Working with data base. Logs’ analysis.
There are four reasons why you are not to proceed to creation of a large supplement to learn a language.
I’d like to praise my ‘creation’.
In December I described the simplest way to collect logs. Now I’ll show how you could analyze them.
What was in the table? Date, address from the virtual tail’s root ($PHP_SELF), browser, referrer, user’s ip-address and the name of the tail. The line was inserted so:
@mysql_query("INSERT INTO logs (date, ip, host, address, referer, browser) VALUES (NOW(),
"$REMOTE_ADDR", "". gethostbyaddr($REMOTE_ADDR). "", "$PHP_SELF", "$HTTP_REFERER", "$HTTP_USER_AGENT")");
And what we’d like to see in the statistics? Just treat different variants: attendance on days, distribution of the intendances upon the time. Then repeat these selections for the main page only. Distribution upon the week, intendance in the last weeks and months.
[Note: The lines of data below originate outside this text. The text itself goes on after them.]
(* Let $K_{2,m_1,m_2}=(Q_0,Q_1)$ be the generalized 2-Kronecker quiver having at least one source and at least one sink. Let $\beta=(n,\dots,n)\in\mathbb{Z}_{\ge0}^{Q_0}$, impose the complete standard filtration at each vertex, and let $\mathbb{U}_\beta=U^{Q_0}$. Then $\mathbb{C}[F^{\bullet}Rep(K_{2,m_1,m_2},\beta)]^{\mathbb{U}_\beta}=\mathbb{C}[\mathfrak{t}^{\oplus Q_1}]$.
   Context: $K_{2,m_1,m_2}$ is a quiver whose underlying graph consists of two vertices $u,v$ joined by two disjoint paths, one passing through $m_1$ intermediate vertices and the other through $m_2$ intermediate vertices (so it is a cycle), with the arrows oriented arbitrarily. At each vertex put $\mathbb{C}^n$ with the flag $0\subset\mathbb{C}^1\subset\cdots\subset\mathbb{C}^n$ of standard coordinate subspaces; $F^{\bullet}Rep(K_{2,m_1,m_2},\beta)=\mathfrak{b}^{\oplus Q_1}$ consists of tuples $(A_a)$ of upper triangular $n\times n$ matrices. $U$ is the group of upper unitriangular $n\times n$ matrices, acting by $(u_i)\cdot(A_a)=(u_{h(a)}A_au_{t(a)}^{-1})$ with $h,t$ head and tail. $\mathbb{C}[\mathfrak{t}^{\oplus Q_1}]$ is the subalgebra generated by the diagonal entries of all $A_a$. *)

From HB Require Import structures.
From mathcomp Require Import all_boot all_order all_algebra.
From mathcomp Require Import mpoly.
Set Implicit Arguments. Unset Strict Implicit. Unset Printing Implicit Defensive.
Import Order.TTheory GRing.Theory Num.Theory.
Local Open Scope ring_scope.

Definition is_source (Q0 Q1 : finType) (hd : Q1 -> Q0) (x : Q0) : bool :=
  [forall a, hd a != x].
Definition is_sink (Q0 Q1 : finType) (tl : Q1 -> Q0) (x : Q0) : bool :=
  [forall a, tl a != x].

(* ---------- the generalized 2-Kronecker quiver K_{2,m1,m2} ----------
   Vertices are 'I_(m1+m2+2) placed around a cycle: u = 0, then the m1
   intermediate vertices 1..m1 of the first path, v = m1+1, then the m2
   intermediate vertices m1+2 .. m1+m2+1 of the second path back to u.
   Arrows are 'I_(m1+m2+2): arrow k joins vertex k and vertex k+1 (mod
   m1+m2+2); the orientation o k = true means k -> k+1, false means
   k+1 -> k. *)
Definition Kvert (m1 m2 : nat) := 'I_(m1 + m2 + 2).
Definition Karr (m1 m2 : nat) := 'I_(m1 + m2 + 2).

Definition Ktail (m1 m2 : nat) (o : Karr m1 m2 -> bool) (k : Karr m1 m2)
  : Kvert m1 m2 := if o k then k else ordS k.
Definition Khead (m1 m2 : nat) (o : Karr m1 m2 -> bool) (k : Karr m1 m2)
  : Kvert m1 m2 := if o k then ordS k else k.

(* upper triangular = preserves the standard complete flag *)
Definition upper_tri (R : nzRingType) (n : nat) (A : 'M[R]_n) : bool :=
  [forall i : 'I_n, forall j : 'I_n, (j < i)%N ==> (A i j == 0)].

Definition unitriangular (R : nzRingType) (n : nat) (A : 'M[R]_n) : bool :=
  upper_tri A && [forall i : 'I_n, A i i == 1].

Definition Uact (R : comUnitRingType) (Q0 Q1 : finType) (hd tl : Q1 -> Q0)
  (n : nat) (g : Q0 -> 'M[R]_n) (A : Q1 -> 'M[R]_n) : Q1 -> 'M[R]_n :=
  fun a => g (hd a) *m A a *m invmx (g (tl a)).

Definition nentries (Q1 : finType) (n : nat) : nat :=
  #|{: Q1 * ('I_n * 'I_n)}|.
Definition entry_coords (R : Type) (Q1 : finType) (n : nat)
  (A : Q1 -> 'M[R]_n) : 'I_(nentries Q1 n) -> R :=
  fun k => let x := enum_val k in A x.1 x.2.1 x.2.2.

Definition ndiag (Q1 : finType) (n : nat) : nat := #|{: Q1 * 'I_n}|.
Definition diag_coords (R : Type) (Q1 : finType) (n : nat)
  (A : Q1 -> 'M[R]_n) : 'I_(ndiag Q1 n) -> R :=
  fun k => let x := enum_val k in A x.1 x.2 x.2.

(* An element of C[F^. Rep(Q, beta)] = C[b^{Q1}] is the restriction to
   b^{Q1} of a polynomial p in the entries.  It is U^{Q0}-invariant if its
   values on b^{Q1} are invariant under the action. *)
Definition U_invariant (R : comUnitRingType) (Q0 Q1 : finType)
  (hd tl : Q1 -> Q0) (n : nat) (p : {mpoly R[nentries Q1 n]}) : Prop :=
  forall (g : Q0 -> 'M[R]_n) (A : Q1 -> 'M[R]_n),
    (forall x, unitriangular (g x)) -> (forall a, upper_tri (A a)) ->
    p.@[entry_coords (Uact hd tl g A)] = p.@[entry_coords A].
Number of the customers from other sites. It may be interesting to observe, how many customers came from definite reference in different days. Distribution upon the time on definite day (week, month). Addresses to which they come from some page.
Systemizing this is not as difficult as it seems to be. All described before comes to eight variants of a table grouping. Address, referrer, browser (unluckily here we compare lines "HTTP_USER_AGENT" including versions and operation system but not the separate browsers. Here processing of the data by input can’t be omitted) date, week, month, day of a week, time.
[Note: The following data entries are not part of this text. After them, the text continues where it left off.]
(* Let $\{e_1,e_2,e_3\}$ be the standard basis of $\mathbb{R}^3$, let $\eta\in(0,\pi)$, $l>0$, and set $x_1=0$, $x_2=e_1$, $x_4=l(\cos\eta\,e_1+\sin\eta\,e_2)$, $x_3=x_2+x_4-x_1$. For $\lambda_1,\lambda_2\in(0,1)$ let $x_0=x_1+\lambda_1(x_2-x_1)+\lambda_2(x_4-x_1)$. Then the (Kawasaki) condition $\angle x_1x_0x_4+\angle x_2x_0x_3=\pi$ holds if and only if $$(\lambda_2-1)\lambda_2\, l^2-(\lambda_1-1)\lambda_1=0 .$$
   Context: $\angle abc\in[0,\pi]$ denotes the (unsigned) angle at the vertex $b$ between the segments $ba$ and $bc$, i.e. $\arccos\big(\frac{(a-b)\cdot(c-b)}{|a-b||c-b|}\big)$. The point $x_0$ lies in the interior of the parallelogram with corners $x_1,x_2,x_3,x_4$. *)

From Stdlib Require Import Reals.
Open Scope R_scope.

Record R3 := mkR3 { px : R; py : R; pz : R }.

Definition vadd (a b : R3) : R3 := mkR3 (px a + px b) (py a + py b) (pz a + pz b).
Definition vsub (a b : R3) : R3 := mkR3 (px a - px b) (py a - py b) (pz a - pz b).
Definition vscale (k : R) (a : R3) : R3 := mkR3 (k * px a) (k * py a) (k * pz a).
Definition dot (a b : R3) : R := px a * px b + py a * py b + pz a * pz b.
Definition vnorm (a : R3) : R := sqrt (dot a a).

Definition e1 : R3 := mkR3 1 0 0.
Definition e2 : R3 := mkR3 0 1 0.
Definition e3 : R3 := mkR3 0 0 1.
Definition origin : R3 := mkR3 0 0 0.

Definition angle (a b c : R3) : R :=
  acos (dot (vsub a b) (vsub c b) / (vnorm (vsub a b) * vnorm (vsub c b))).

(* The angle at [b] between non-collinear [u = a - b] and [v = c - b] is
   [PI/2 - atan (cot)], where [cot = u.v / |u x v|] (Lagrange's identity
   [|u|^2 |v|^2 = (u.v)^2 + |u x v|^2]).  Since [atan] is odd and injective, two
   such angles sum to [PI] exactly when their cotangents cancel.  For the two
   angles of the theorem [|u x v|] is [lam1 l sin eta], resp.
   [(1 - lam1) l sin eta], and clearing these denominators in the sum of
   cotangents leaves the stated quadratic. *)

From Stdlib Require Import Reals Lra.
Open Scope R_scope.

Lemma atan_inj (x y : R) : atan x = atan y -> x = y.
Proof. intro H. now rewrite <- (tan_atan x), H, tan_atan. Qed.

Lemma acos_sin_atan (t : R) : acos (sin (atan t)) = PI / 2 - atan t.
Proof.
  pose proof (atan_bound t).
  rewrite acos_asin, asin_sin; [reflexivity | lra | apply SIN_bound].
Qed.

Lemma div_sqrt_sum_sq (d w : R) :
  0 < w -> d / sqrt (d ^ 2 + w ^ 2) = sin (atan (d / w)).
Proof.
  intro hw.
  assert (hpos : 0 < sqrt (1 + (d / w)²)).
  { apply sqrt_lt_R0. pose proof (Rle_0_sqr (d / w)). lra. }
  replace (d ^ 2 + w ^ 2) with (w² * (1 + (d / w)²)) by (unfold Rsqr; field; lra).
  rewrite sin_atan, sqrt_mult_alt, sqrt_Rsqr by (lra || apply Rle_0_sqr).
  field. lra.
Qed.

Definition cross (u v : R3) : R3 :=
  mkR3 (py u * pz v - pz u * py v)
       (pz u * px v - px u * pz v)
       (px u * py v - py u * px v).

Lemma dot_self_ge0 (u : R3) : 0 <= dot u u.
Proof.
  destruct u as [x y z]; unfold dot; simpl.
  pose proof (pow2_ge_0 x); pose proof (pow2_ge_0 y); pose proof (pow2_ge_0 z).
  simpl in *; lra.
Qed.

Lemma lagrange_identity (u v : R3) :
  dot u u * dot v v = dot u v ^ 2 + dot (cross u v) (cross u v).
Proof. destruct u, v; unfold dot, cross; simpl; ring. Qed.

Lemma vnorm_mul (u v : R3) :
  vnorm u * vnorm v = sqrt (dot u v ^ 2 + vnorm (cross u v) ^ 2).
Proof.
  unfold vnorm.
  rewrite <- sqrt_mult_alt, pow2_sqrt, lagrange_identity by apply dot_self_ge0.
  reflexivity.
Qed.

Lemma vnorm_scale_e3 (k : R) : vnorm (vscale k e3) = Rabs k.
Proof.
  unfold vnorm, dot, vscale, e3; simpl.
  replace (k * 0 * (k * 0) + k * 0 * (k * 0) + k * 1 * (k * 1)) with k² by (unfold Rsqr; ring).
  apply sqrt_Rsqr_abs.
Qed.

Definition cot_angle (a b c : R3) : R :=
  dot (vsub a b) (vsub c b) / vnorm (cross (vsub a b) (vsub c b)).

Lemma angle_eq_atan_cot (a b c : R3) :
  0 < vnorm (cross (vsub a b) (vsub c b)) ->
  angle a b c = PI / 2 - atan (cot_angle a b c).
Proof.
  intro hcross.
  unfold angle, cot_angle.
  now rewrite vnorm_mul, div_sqrt_sum_sq, acos_sin_atan.
Qed.

Lemma angle_add_eq_PI (a b c a' b' c' : R3) :
  0 < vnorm (cross (vsub a b) (vsub c b)) ->
  0 < vnorm (cross (vsub a' b') (vsub c' b')) ->
  (angle a b c + angle a' b' c' = PI <-> cot_angle a b c + cot_angle a' b' c' = 0).
Proof.
  intros h h'.
  rewrite (angle_eq_atan_cot a b c h), (angle_eq_atan_cot a' b' c' h').
  split; intro H.
  - assert (Hopp : atan (cot_angle a b c) = atan (- cot_angle a' b' c'))
      by (rewrite atan_opp; lra).
    apply atan_inj in Hopp. lra.
  - replace (cot_angle a b c) with (- cot_angle a' b' c') by lra.
    rewrite atan_opp. lra.
Qed.

Lemma div_eq0 (p d : R) : d <> 0 -> (p / d = 0 <-> p = 0).
Proof.
  intro hd. unfold Rdiv. split; intro H.
  - destruct (Rmult_integral _ _ H) as [Hp | Hinv]; [exact Hp |].
    exfalso. exact (Rinv_neq_0_compat d hd Hinv).
  - rewrite H. ring.
Qed.

Theorem mainTheorem1 (eta l lam1 lam2 : R)
  (heta : 0 < eta < PI) (hl : 0 < l)
  (hlam1 : 0 < lam1 < 1) (hlam2 : 0 < lam2 < 1) :
  let x1 := origin in
  let x2 := e1 in
  let x4 := vscale l (vadd (vscale (cos eta) e1) (vscale (sin eta) e2)) in
  let x3 := vsub (vadd x2 x4) x1 in
  let x0 := vadd x1 (vadd (vscale lam1 (vsub x2 x1)) (vscale lam2 (vsub x4 x1))) in
  (angle x1 x0 x4 + angle x2 x0 x3 = PI <->
   (lam2 - 1) * lam2 * l ^ 2 - (lam1 - 1) * lam1 = 0).
Proof.
  intros x1 x2 x4 x3 x0.
  assert (hsin : 0 < sin eta) by (apply sin_gt_0; lra).
  set (L := l * sin eta).
  assert (hL : 0 < L) by (apply Rmult_lt_0_compat; lra).
  assert (cross1 : cross (vsub x1 x0) (vsub x4 x0) = vscale (- (lam1 * L)) e3)
    by (unfold cross, x0, x1, x2, x4, L, origin, e1, e2, e3, vsub, vadd, vscale;
        simpl; f_equal; ring).
  assert (cross2 : cross (vsub x2 x0) (vsub x3 x0) = vscale ((1 - lam1) * L) e3)
    by (unfold cross, x0, x1, x2, x3, x4, L, origin, e1, e2, e3, vsub, vadd, vscale;
        simpl; f_equal; ring).
  assert (hK1 : 0 < lam1 * L) by (apply Rmult_lt_0_compat; lra).
  assert (hK2 : 0 < (1 - lam1) * L) by (apply Rmult_lt_0_compat; lra).
  rewrite angle_add_eq_PI
    by (rewrite ?cross1, ?cross2, vnorm_scale_e3, ?Rabs_Ropp, Rabs_pos_eq; lra).
  assert (cot_sum : cot_angle x1 x0 x4 + cot_angle x2 x0 x3 =
    ((lam2 - 1) * lam2 * l ^ 2 * ((sin eta)² + (cos eta)²) - (lam1 - 1) * lam1)
      / (lam1 * (1 - lam1) * L)).
  { unfold cot_angle. rewrite cross1, cross2, !vnorm_scale_e3, Rabs_Ropp, !Rabs_pos_eq by lra.
    unfold dot, x0, x1, x2, x3, x4, L, origin, e1, e2, vsub, vadd, vscale, Rsqr; simpl.
    field. repeat split; lra. }
  rewrite cot_sum, sin2_cos2, Rmult_1_r.
  apply div_eq0.
  apply Rgt_not_eq, Rmult_lt_0_compat; [apply Rmult_lt_0_compat |]; lra.
Qed.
We don’t deal with statistics upon countries, cities and users’ roots – here additional processing is necessary.
Add to the selection of the grouping selection of days’ limitation (last n days) and selection conditions for the field WHERE which can be input in the text field, and we’ll get a system in which all described by me selections and distributions go.
In fact, it’s not so easy to set a list of selections and make it suitable for the processing in the program. At last I placed all the questions in the massive which element looks so:
$selection[0] = array(
"name" => "days schedule",
"select" => array("date_format(date,"%e.%m.%Y") as dday", "count(date) as visits"),
"group" => array("dday"),
"order" => array("date DESC"),
"type" => 1
);
Element ‘name’ is the name of a roller; ‘type’ is a type of a table. There are two table types – simple list and list with ‘columns’. If the list is sorted on the quantity of intendance, we don’t need any columns, and for the convenience of perception (for example for graphic of intendance upon the day) it would be better to build a graphic. The rest of the elements don’t need any comment.
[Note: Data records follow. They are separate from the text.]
(* In the setting described in the context, for every $S\in\Omega_{worm}$, $$\pi_{worm}(S)\ \ge\ \frac12\left(\frac{x_{\min}}{2}\right)^{|E_C|},$$ where $x_{\min}=\min_{e\in E_C}x_e$.
   Context: Let $\beta>1$. Let $G=(V,E)$ be a finite connected simple 4-regular graph with, at each vertex, its four incident edges labelled bijectively $x_1,\dots,x_4$. Each edge has two half-edges (one at each endpoint). Pairing at each vertex slot $x_1$ with $x_4$ and $x_2$ with $x_3$, and following edges by entering a vertex through one slot of a pair and leaving through the other, partitions $E$ into closed trails (circuits) $C_1,\dots,C_m$. For each circuit a reference half-edge $h_i$ is fixed. Consider orientations (equivalently, maps $\sigma$ from half-edges to $\{0,1\}$ with opposite values on the two half-edges of each edge) of nonzero weight for the vertex function $f^*$ with $f^*(0011)=f^*(1100)=\beta$, $f^*(0101)=f^*(1010)=1$, $f^*=0$ otherwise (evaluated at $v$ on the half-edges at $v$ in slot order $x_1,\dots,x_4$); in these, values alternate along each circuit and $\sigma(C_i):=\sigma(h_i)$. A vertex at which the pair $\{x_1,x_4\}$ lies on $C_i$ and $\{x_2,x_3\}$ on $C_j$, $i\neq j$, is an agree-vertex if its weight is $\beta$ exactly when $\sigma(C_i)=\sigma(C_j)$ (and $1$ otherwise), and a disagree-vertex if its weight is $\beta$ exactly when $\sigma(C_i)\neq\sigma(C_j)$; $A(i,j),D(i,j)$ count these. $G_C=(\mathcal{C},E_C)$, $\mathcal{C}=\{C_1,\dots,C_m\}$, has an edge $\{C_i,C_j\}$ iff $i\ne j$ and they share such a vertex. Assume the system $X_u\oplus X_v=\mathbf{I}(A(u,v)<D(u,v))$ for all $\{u,v\}\in E_C$ has a solution over $\mathrm{GF}(2)$, and for each circuit with $X_i=1$ replace $h_i$ by an adjacent half-edge of $C_i$ (which complements $\sigma(C_i)$ and swaps agree/disagree vertices between $C_i$ and each other circuit); with $A,D$ recomputed after this change, set $\beta_e=\beta^{A(u,v)-D(u,v)}$ and $x_e=(\beta_e-1)/(\beta_e+1)$ for $e=\{u,v\}\in E_C$. Worm measure. For $k\ge0$ let $\Omega_k$ be the set of edge sets $S\subseteq E_C$ such that exactly $k$ vertices of $G_C$ have odd degree in $(\mathcal{C},S)$; $\Omega_{worm}=\Omega_0\cup\Omega_2$. Let $w(S)=\prod_{e\in S}x_e$, $Z_k=\sum_{S\in\Omega_k}w(S)$, $\xi(S)=m$ if $S\in\Omega_0$, $\xi(S)=2$ if $S\in\Omega_2$, $\xi(S)=0$ otherwise, $w_{worm}(S)=\xi(S)w(S)$, $Z_{worm}=mZ_0+2Z_2$ and $\pi_{worm}(S)=w_{worm}(S)/Z_{worm}$. *)

From mathcomp Require Import all_boot all_order all_algebra.
Set Implicit Arguments. Unset Strict Implicit. Unset Printing Implicit Defensive.
Import Order.TTheory GRing.Theory Num.Theory.
Local Open Scope ring_scope.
In the request temporary limitations and conditions introduced by the user are also taken in account. Variable $type is the number of requested selection.
$days = intval($days);
if ($days>0)
$selection[$type]["where"][] = "date>DATE_SUB(NOW(),INTERVAL $days DAY)";
$where = stripslashes(trim($where));
if (strlen($where)>0)
$selection[$type]["where"][] = "($where)";
After that the form is drawn. In the rollers selected meanings are output in the first lines. Then a request is built by means of which the general quantity of lines is found out. This, should be mentioned, is a slippery place cause there aren’t any simplifications in it, and unlike basic request, there is a simple lack of sorting here. But the quantity of the lines is found out ‘directly’ – the same is selected and then mysql_num_rows is done. If someone has any ideas, you may send them to me or publish your analisator (only you have to put a reference to me).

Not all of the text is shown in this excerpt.